In contrast, if the message routing logic tried to insure full redundancy by guaranteeing that every message were copied to every machine before the message was considered to have been sent, the result would be a distributed server that is very slow. The point here is that if a wide area message routing cluster needs load balancing and high availability, then each of the local services should be implemented as a highly available, load-balanced cluster.

What Clustering Cannot Do

In addition to mentioning the reasons for using clustering, it is important to be very clear about the following aspects of performance and reliability that cannot be improved through clustering.

Latency

You might notice that I consistently refer to messaging performance in this chapter in terms of throughput. This is intended to place emphasis on the most important performance scenario: large numbers of messages traveling from many producers to many consumers. Latency, in contrast, can be best described as the minimum time it takes for one message to travel from producer to consumer in a system that otherwise has no load. Clustering cannot decrease latency. In fact clustering will usually increase latency since messages must typically visit several nodes in the process of being delivered. The performance benefits of clustering should result in latencies that do not increase significantly when message throughput becomes very high.

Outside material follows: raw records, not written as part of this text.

Lemma linfun_linearE (K : fieldType) (aT rT : vectType K) (f : aT -> rT) :
  linear f -> linfun f =1 f.
Proof.
move=> lin_f.
exact: (lfunE (HB.pack f (GRing.isLinear.Build _ _ _ _ f lin_f) : {linear aT -> rT})).
Qed.

Lemma dimv_bigcap_lker (K : fieldType) (vT : vectType K) (I : Type)
    (s : seq I) (F : I -> 'Hom(vT, K^o)) :
  (\dim {:vT} <= \dim (\bigcap_(i <- s) lker (F i)) + size s)%N.
Proof.
elim: s => [|i s IH]; first by rewrite big_nil addn0.
rewrite big_cons /= capvC; set B := (\bigcap_(_ <- _) _)%VS in IH *.
have img_le1 : (\dim (F i @: B) <= 1)%N by rewrite (leq_trans (dimvS (subvf _))) ?dimvf.
have := limg_ker_dim (F i) B; lia.
Qed.

Section Tree.
Variables (R : realType) (d : nat -> nat).
Notation C := (R[i]).
Notation Fn := (Fn R d).
Notation Unn := (Unn R d).
Notation Unr := (Unr R d).

Lemma dim_Fn n : \dim (fullv : {vspace Fn n}) = #|Lev d n|.
Proof. by rewrite dimvf /dim /= muln1. Qed.

Lemma card_Lev n : #|Lev d n| = (\prod_(q < n) d q)%N.
Proof.
rewrite card_dep_ffun foldrE big_image /=.
by apply: eq_bigr => i _; rewrite card_ord.
Qed.

Definition trunc m n (le_mn : (m <= n)%N) (v : Lev d n) : Lev d m :=
  [ffun i : 'I_m => v (widen_ord le_mn i) : 'I_(d i)].

Lemma Lev_congr n (v : Lev d n) (i j : 'I_n) : i = j -> (v i : nat) = v j.
Proof. by move->. Qed.

Lemma trunc_trans m n k (le_mn : (m <= n)%N) (le_nk : (n <= k)%N) (le_mk : (m <= k)%N) v :
  trunc le_mn (trunc le_nk v) = trunc le_mk v.
Proof.
by apply/ffunP => i; apply: val_inj; rewrite !ffunE; apply: Lev_congr; apply: val_inj.
Qed.

Lemma trunc_id m (le_mm : (m <= m)%N) v : trunc le_mm v = v.
Proof.
by apply/ffunP => i; apply: val_inj; rewrite ffunE; apply: Lev_congr; apply: val_inj.
Qed.

Definition pullback_fun m n (le_mn : (m <= n)%N) (y : Fn m) : Fn n :=
  [ffun v => y (trunc le_mn v)].

Lemma pullback_fun_is_linear m n (le_mn : (m <= n)%N) : linear (pullback_fun le_mn).
Proof. by move=> a x y; apply/ffunP => v; rewrite !ffunE. Qed.

Definition pullback m n (le_mn : (m <= n)%N) : 'Hom(Fn m, Fn n) :=
  linfun (pullback_fun le_mn).

Lemma pullbackE m n (le_mn : (m <= n)%N) y v : pullback le_mn y v = y (trunc le_mn v).
Proof. by rewrite linfun_linearE ?ffunE //; apply: pullback_fun_is_linear. Qed.

Lemma pullback_comp m n k (le_mn : (m <= n)%N) (le_nk : (n <= k)%N) (le_mk : (m <= k)%N) :
  (pullback le_nk \o pullback le_mn)%VF = pullback le_mk.
Proof.
by apply/lfunP => y; apply/ffunP => v; rewrite comp_lfunE !pullbackE trunc_trans.
Qed.

Lemma pullback_id m (le_mm : (m <= m)%N) : pullback le_mm = \1%VF.
Proof. by apply/lfunP => y; apply/ffunP => v; rewrite id_lfunE pullbackE trunc_id. Qed.

Lemma Hlev_pullback r : Hlev R d r = pullback (leqnSn r).
Proof. by []. Qed.

Lemma Hit_pullback m k (U : {vspace Fn m}) : Hit k U = (pullback (leq_addl k m) @: U)%VS.
Proof.
elim: k => [|k IH] /=; first by rewrite pullback_id lim1g.
by rewrite IH Hlev_pullback -limg_comp (pullback_comp _ _ (leq_addl k.+1 m)).
Qed.

Lemma Hto_pullback m n (U : {vspace Fn m}) (le_mn : (m <= n)%N) :
  Hto n U = (pullback le_mn @: U)%VS.
Proof.
rewrite /Hto; move: (erefl (m <= n)%N); rewrite {2 3}le_mn => le_mn'.
have cast k (e : k = n) (le_mk : (m <= k)%N) :
    ecast k {vspace Fn k} e (pullback le_mk @: U)%VS = (pullback le_mn @: U)%VS.
  by case: n / e le_mn le_mn' => le_mn _; rewrite (bool_irrelevance le_mk le_mn).
by rewrite Hit_pullback cast.
Qed.

Lemma dotS_is_linear r (u : Fn r) : linear (fun x : Fn r => (dotS x u : C^o)).
Proof.
move=> a x y; rewrite /dotS scaler_sumr -big_split; apply: eq_bigr => v _.
by rewrite !ffunE mulrDl scalerAl.
Qed.

Lemma dotS_functionalE r (u x : Fn r) :
  linfun (fun x : Fn r => (dotS x u : C^o)) x = dotS x u.
Proof. exact/linfun_linearE/dotS_is_linear. Qed.

Lemma conj_dotS r (x y : Fn r) : (dotS x y)^* = dotS y x.
Proof.
rewrite rmorph_sum; apply: eq_bigr => v _.
by rewrite rmorphM /= conjCK mulrC.
Qed.

Lemma dotS_self_eq0 r (x : Fn r) : (dotS x x == 0) = (x == 0).
Proof.
rewrite /dotS psumr_eq0 => [|v _]; last by rewrite -normCK exprn_ge0.
apply/idP/eqP => [/allP x0|->]; last by apply/allP => v _; rewrite ffunE mul0r eqxx.
apply/ffunP => v; rewrite ffunE; apply/eqP.
by rewrite -normr_eq0 -sqrf_eq0 normCK (implyP (x0 v _)) ?mem_index_enum.
Qed.

Lemma capv_orthS r (W : {vspace Fn r}) : (W :&: orthS W = 0)%VS.
Proof.
apply/eqP; rewrite -subv0; apply/subvP => x /memv_capP[xW xWperp].
have W_perp_x : (W <= lker (linfun (fun y : Fn r => (dotS y x : C^o))))%VS.
  rewrite -(span_basis (vbasisP W)); apply/span_subvP => u uW.
  move: xWperp; rewrite /orthS (big_rem u uW) /= memv_cap => /andP[+ _].
  rewrite !memv_ker !dotS_functionalE => /eqP x_perp_u.
  by rewrite -conj_dotS x_perp_u conjC0.
have := subvP W_perp_x x xW.
by rewrite memv_ker dotS_functionalE dotS_self_eq0 memv0.
Qed.

Lemma dim_orthS r (W : {vspace Fn r}) : (\dim (orthS W) + \dim W = #|Lev d r|)%N.
Proof.
have orth_ge : (#|Lev d r| <= \dim (orthS W) + \dim W)%N.
  by rewrite -dim_Fn -[X in (_ + X)%N](size_tuple (vbasis W)); apply: dimv_bigcap_lker.
have := dimv_sum_cap W (orthS W); rewrite capv_orthS dimv0 addn0.
have := dimvS (subvf (W + orthS W)); rewrite dim_Fn; lia.
Qed.

Lemma addv_orthS r (W : {vspace Fn r}) : (W + orthS W = fullv)%VS.
Proof.
apply/eqP; rewrite eqEdim subvf /= dim_Fn -(dim_orthS W).
by rewrite addnC -(dimv_sum_cap W (orthS W)) capv_orthS dimv0 addn0.
Qed.

Lemma Utab_Unn n m : (m <= n)%N -> Utab R d n m = Unn m.
Proof.
elim: n => [|n IH]; first by rewrite leqn0 => /eqP ->.
rewrite leq_eqVlt ltnS /= => /orP[/eqP-> | le_mn]; last by rewrite le_mn IH.
by rewrite /Unn /= ltnn.
Qed.

Lemma UnnS n : Unn n.+1 = orthS (\sum_(k < n.+1) Unr k n.+1)%VS.
Proof.
rewrite /Unn /= ltnn; congr orthS; apply: eq_bigr => k _.
by rewrite Utab_Unn // -ltnS.
Qed.

Lemma sum_Unr_full n : (\sum_(k < n.+1) Unr k n = fullv)%VS.
Proof.
rewrite big_ord_recr /= /Unr (Hto_pullback _ (leqnn n)) pullback_id lim1g.
by case: n => [|n]; rewrite ?big_ord0 ?add0v // UnnS addv_orthS.
Qed.

Lemma sum_UnrS n : (\sum_(k < n.+1) Unr k n.+1)%VS = (pullback (leqnSn n) @: fullv)%VS.
Proof.
rewrite -(sum_Unr_full n) limg_sum; apply: eq_bigr => k _.
have le_kn : (k <= n)%N by rewrite -ltnS.
rewrite /Unr (Hto_pullback _ le_kn) (Hto_pullback _ (leq_trans le_kn (leqnSn n))).
by rewrite -limg_comp (pullback_comp _ _ (leq_trans le_kn (leqnSn n))).
Qed.

Lemma dim_Unn0 : \dim (Unn 0) = 1%N.
Proof. by rewrite /Unn /= dim_Fn card_Lev big_ord0. Qed.

Section PositiveDegrees.
Hypothesis d_gt0 : forall r, (0 < d r)%N.

Definition ext_letter m n (w : Lev d m) (j : 'I_n) : 'I_(d j) :=
  insubd (Ordinal (d_gt0 j))
    (if insub (j : nat) : option 'I_m is Some k then val (w k) else 0%N).

Definition extend m n (w : Lev d m) : Lev d n := [ffun j => ext_letter w j].

Lemma trunc_extend m n (le_mn : (m <= n)%N) (w : Lev d m) : trunc le_mn (extend n w) = w.
Proof.
apply/ffunP => i; apply: val_inj; rewrite !ffunE /ext_letter /= valK insubdK //.
exact: ltn_ord.
Qed.

Lemma lker_pullback m n (le_mn : (m <= n)%N) : lker (pullback le_mn) == 0%VS.
Proof.
apply/lker0P => y1 y2 eq_y; apply/ffunP => w.
have := congr1 (fun f : Fn n => f (extend n w)) eq_y.
by rewrite /= !pullbackE trunc_extend.
Qed.

Lemma dim_pullback m n (le_mn : (m <= n)%N) (U : {vspace Fn m}) :
  \dim (pullback le_mn @: U) = \dim U.
Proof. by apply: limg_dim_eq; rewrite (eqP (lker_pullback le_mn)) capv0. Qed.

Lemma dim_UnnS n : \dim (Unn n.+1) = (\prod_(q < n) d q * (d n - 1))%N.
Proof.
have := dim_orthS (\sum_(k < n.+1) Unr k n.+1)%VS.
rewrite -UnnS sum_UnrS dim_pullback // dim_Fn !card_Lev big_ord_recr /= mulnBr muln1.
lia.
Qed.

Lemma dim_Unr n r : (n <= r)%N -> \dim (Unr n r) = \dim (Unn n).
Proof. by move=> le_nr; rewrite /Unr (Hto_pullback _ le_nr) dim_pullback. Qed.

End PositiveDegrees.

(* Taking a whole family [w] avoids casting [w r] along [tag x = r]. *)
Definition sphere_fun (w : forall r, Fn r) (r : nat) (x : Vert d) : C :=
  if tag x == r then w (tag x) (tagged x) else 0.

Lemma restr_sphere_fun w r s : restr (sphere_fun w r) s = if s == r then w s else 0.
Proof.
by apply/ffunP => v; rewrite /sphere_fun !ffunE /=; case: (s == r); rewrite ?ffunE.
Qed.

Lemma in_l2_sphere_fun w r : in_l2 (sphere_fun w r).
Proof.
have sphere_sum (s : nat) :
    \sum_(v : Lev d s) `|sphere_fun w r (existT _ s v)| ^+ 2 =
    if s == r then \sum_(v : Lev d r) `|w r v| ^+ 2 else 0.
  rewrite /sphere_fun /=; case: eqP => [->|_] //.
  by rewrite big1 // => v _; rewrite normr0 expr0n.
exists (\sum_(v : Lev d r) `|w r v| ^+ 2) => N.
under eq_bigr do rewrite sphere_sum.
rewrite -big_mkcond /=; case: (ltnP r N) => [lt_rN | le_Nr].
  by rewrite (big_pred1 (Ordinal lt_rN)) // => s; rewrite /= -val_eqE.
rewrite big_pred0 ?sumr_ge0 // => [v _|s]; first exact: exprn_ge0.
by rewrite ltn_eqF // (leq_trans (ltn_ord s) le_Nr).
Qed.

Lemma lin_indep_sphere_fun N (w : forall r, Fn r) (lvl : 'I_N -> nat) :
  injective lvl -> (forall i, w (lvl i) != 0) ->
  lin_indep (fun i => sphere_fun w (lvl i)).
Proof.
move=> lvl_inj w_neq0 c sum_eq0 i.
have coord v : c i * w (lvl i) v = 0.
  rewrite -(sum_eq0 (existT _ (lvl i) v)) (bigD1 i) //= big1 ?addr0 => [|j ne_ji].
    by rewrite /sphere_fun /= eqxx.
  by rewrite /sphere_fun /= (inj_eq lvl_inj) eq_sym (negbTE ne_ji) mulr0.
apply/eqP; apply: contraNT (w_neq0 i) => ci_neq0.
by apply/eqP/ffunP => v; rewrite ffunE; apply: (mulfI ci_neq0); rewrite coord mulr0.
Qed.

Section BranchingAtLeastTwo.
Hypothesis d_ge2 : forall r, (1 < d r)%N.
(* For the RHA process and every $j\ge1$, $$\inf_{n\in\mathbb N}2^{-n}H(X^n_j)=h,\qquad\text{where } h:=\inf_{l\in\mathbb N}2^{-l}\log k_l=\lim_{l\to\infty}2^{-l}\log k_l.$$
   Context: Random hierarchical association (RHA) process. Fix positive integers $(k_n)_{n\ge0}$ (perplexities) with $k_{n-1}\le k_n\le k_{n-1}^2$ for all $n\ge1$. On a probability space $(\Omega,\mathcal J,P)$ let, for each $n\ge1$, $(L_{nj},R_{nj})_{j=1}^{k_n}$ be the lexicographically sorted enumeration of a uniformly random $k_n$-element subset of $\{1,\dots,k_{n-1}\}^2$ (each of the $\binom{k_{n-1}^2}{k_n}$ subsets equally likely), independently over $n$. Let $(C_n)_{n\ge0}$ be independent, independent of all $(L_{nj},R_{nj})$, with $C_n$ uniform on $\{1,\dots,k_n\}$. Define strings $Y^0_j=j$ (length 1) for $1\le j\le k_0$ and $Y^n_j=Y^{n-1}_{L_{nj}}Y^{n-1}_{R_{nj}}$ (concatenation). The RHA process is $\mathcal X=Y^0_{C_0}Y^1_{C_1}Y^2_{C_2}\cdots=X_1X_2X_3\cdots$, $X_{k:l}=X_k\cdots X_l$; for $n\ge0$, $j\ge1$, $X^n_j=X_{j2^n:(j+1)2^n-1}$. $H(X)=\mathbb E_P[-\log P(X)]$ with natural logarithm. The quantity $h$ is called the combinatorial entropy rate. *)

From Stdlib Require Import Reals.
From mathcomp Require Import all_boot.
Set Implicit Arguments.
Unset Strict Implicit.
Unset Printing Implicit Defensive.

Definition lexle (p q : nat * nat) : bool :=
  (p.1 < q.1) || ((p.1 == q.1) && (p.2 <= q.2)).

Definition lexenum (a : nat) (A : {set 'I_a * 'I_a}) : seq (nat * nat) :=
  sort lexle [seq (nat_of_ord x.1, nat_of_ord x.2) | x <- enum A].
Lemma mxtrace_similar (M X : 'M[F]_n) (z : F) :
  M \in unitmx -> \tr (z *: (invmx M *m X *m M)) = z * \tr X.
Proof. by move=> M_unit; rewrite mxtraceZ mxtrace_mulC mulmxA mulmxV ?mul1mx. Qed.

Lemma words_span_trace_neq0 l B (i0 : 'I_n) :
  words_span l B -> exists w : word l, \tr (word_prod B w) != 0.
Proof.
move=> spanB; apply/existsP; apply: contraT => /existsPn tr0.
have one0 : 1%:M = 0 :> 'M[F]_n.
  by apply: (words_span_trace spanB) => w; rewrite mul1mx; apply/eqP/negPn/tr0.
by have /matrixP/(_ i0 i0)/eqP := one0; rewrite !mxE eqxx oner_eq0.
Qed.

Lemma similar_trace_ratio A B (M : 'M[F]_n) (z k : F) L (i0 : 'I_n) :
  M \in unitmx -> (forall i, A i = z *: (invmx M *m B i *m M)) -> words_span L B ->
  (forall w : word L, \tr (word_prod A w) = k * \tr (word_prod B w)) -> z ^+ L = k.
Proof.
move=> M_unit simAB spanB trAB; have [w trw] := words_span_trace_neq0 i0 spanB.
by apply: (mulIf trw); rewrite -trAB (word_prod_similar M_unit simAB) mxtrace_similar.
Qed.

Lemma commute_words_span l B (Q : 'M[F]_n) :
  words_span l B -> (forall i, Q *m B i = B i *m Q) -> forall X, Q *m X = X *m Q.
Proof.
move=> spanB cQB X; have [c ->] := spanB X; rewrite mulmx_sumr mulmx_suml.
apply: eq_bigr => w _; rewrite -scalemxAl -scalemxAr; congr (_ *: _).
by rewrite word_prodE mulmxE; apply: commr_prod => i; rewrite /GRing.comm -!mulmxE cQB.
Qed.

Lemma conj_eq_scalar (M M' : 'M[F]_n) (i0 : 'I_n) :
  M \in unitmx -> M' \in unitmx ->
  (forall X, M' *m invmx M *m X = X *m (M' *m invmx M)) ->
  exists c : F, c != 0 /\ M' = c *: M.
Proof.
move=> M_unit M'_unit /(central_mx_scalar i0); set q := _ i0 i0 => Qq.
have M'E : M' = q *: M by rewrite -mul_scalar_mx -Qq mulmxKV.
exists q; split=> //; apply/eqP => q0; have := mulmxV M'_unit.
rewrite M'E q0 scale0r mul0mx => /matrixP/(_ i0 i0)/eqP.
by rewrite !mxE eqxx eq_sym oner_eq0.
Qed.
Theorem theorem6 (R : realType)
  (d : measure_display) (X : measurableType d) (pi : {measure set X -> \bar R})
  (d' : measure_display) (Omega : measurableType d') (P : probability Omega R)
  (r : X -> R) (eps : X -> Omega -> R) (alpha Qstar : R)
  (p0 pref wstar : X -> R) :
  sigma_finite [set: X] pi ->
  measurable_fun [set: X] r ->
  measurable_fun [set: X * Omega] (fun z => eps z.1 z.2) ->
  0 < alpha < 1 ->
  (* (a) *)
  is_density pi p0 -> is_density pi pref ->
  (\int[pi]_x (p0 x * `|ln (p0 x)|)%:E < +oo)%E ->
  (\int[pi]_x (pref x * `|ln (pref x)|)%:E < +oo)%E ->
  (* (b) *)
  (forall p, is_density pi p ->
     (\int[pi]_x ((p x)%:E * \int[P]_w (expR `|r x + eps x w|)%:E) < +oo)%E) ->
  (* (c) *)
  ess_sup pi (Qfun P r eps) = Qstar%:E -> 0 < Qstar ->
  (forall x, (Qfun P r eps x <= Qstar%:E)%E) ->
  (* (d) *)
  (ess_sup pi (fun x => ratio_e (p0 x) (pref x)) < +oo)%E ->
  (* (e) *)
  (einv (\int[pi]_x ((if fine (Qfun P r eps x) == Qstar then +oo
                      else (Qstar / (Qstar - fine (Qfun P r eps x)))%:E)
                     * (pref x)%:E)) < alpha%:E)%E ->
  (* (f) *)
  (0 < ess_inf pi (Qfun P r eps))%E ->
  (* w_* : the fixed point of L_N in P_{P_ref} *)
  measurable_fun [set: X] wstar -> (forall x, 0 <= wstar x) ->
  (\int[pi]_x (wstar x * pref x)%:E = 1)%E ->
  ae_ref pi pref (fun x => 0 < wstar x) ->
  ae_ref pi pref (fun x => wstar x =
     alpha + (1 - alpha) * wstar x * fine (Qfun P r eps x)
             / inner_ref pi pref wstar (fun y => fine (Qfun P r eps y))) ->
  let w := fun t x =>
    iter_p pi alpha pref (fun y => fine (Qfun P r eps y)) p0 t x / pref x in
  [/\ (forall t, (1 <= t)%N -> (hilbert_ref pi pref (w t) wstar < +oo)%E),
      (forall t, (1 <= t)%N ->
         (hilbert_ref pi pref (w t.+1) wstar <= hilbert_ref pi pref (w t) wstar)%E
         /\ ((0 < hilbert_ref pi pref (w t) wstar)%E ->
             (hilbert_ref pi pref (w t.+1) wstar < hilbert_ref pi pref (w t) wstar)%E))
    & (hilbert_ref pi pref (w t) wstar @[t --> \oo] --> 0%E)].
Proof.
move=> _ mr meps /andP[alpha_gt0 alpha_lt1] [mp0 p0_ge0 _] [mpref pref_ge0 pref_int1]
  _ _ _ _ Qstar_gt0 Qfun_le p0_bounded alpha_large _ mwstar wstar_ge0 wstar_int1
  wstar_gt0 wstar_fixed.
have Q_le x : fine (Qfun P r eps x) <= Qstar.
  rewrite -lee_fin fineK// ge0_fin_numE ?Qfun_ge0//.
  exact: le_lt_trans (Qfun_le x) (ltry _).
apply: hilbert_iter_decreasing_cvg0 => //; first exact: measurable_fine_Qfun.
by move=> x; rewrite fine_ge0 ?Qfun_ge0.
Qed.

As long as the latency of a message system is reasonable, there is seldom much benefit to be had by trying to decrease it. A securities trading application would usually require latencies to be much less than a second, but many messaging applications could actually tolerate quite high latencies. The important point to remember is that a latency of 1 second does not correspond to a throughput of one message per second; this is because the system does not need to wait for one message to be consumed before the next message may be produced. When writing benchmark programs to measure the performance of a messaging system, it is important to design the benchmark to measure throughput and not latency, as measuring latency will not be a good indicator of how the system performs under heavy load.

Systematic Failures

A cluster is often used to increase the reliability of a system. This reliability come in the form of redundant nodes, so that when one node fails, another node can take over in its place. This provides protection from errors such as hardware failure that tend to occur at random times and are completely independent from one node to another. Systematic failures, on the other hand, are deterministic and reproducible. They are typically the result of programming errors or the failure to safeguard against unexpected occurrences. Clustering cannot provide protection against this type of failure.

Consider what happens if a node fails because it runs out of memory. A backup node could take over, but if the backup node has been mirroring the actions of the primary node that it replaces (and we assume it has the same amount of memory), then we can count on it running out of memory right away also. Sure, there should be some means in place (other than clustering) to prevent the memory overflow. The point here is that clustering cannot compensate for programming deficiencies.

Byzantine Failures

Byzantine failures result when some process on the network runs amok and starts sending corrupt data throughout the system, or worse yet, when some agent maliciously tries to disrupt your system. The rule for systematic failure above holds here also: if one node in a cluster is susceptible to this type of failure, it is likely that all the nodes are, so the redundancy in the cluster will not provide much protection against this.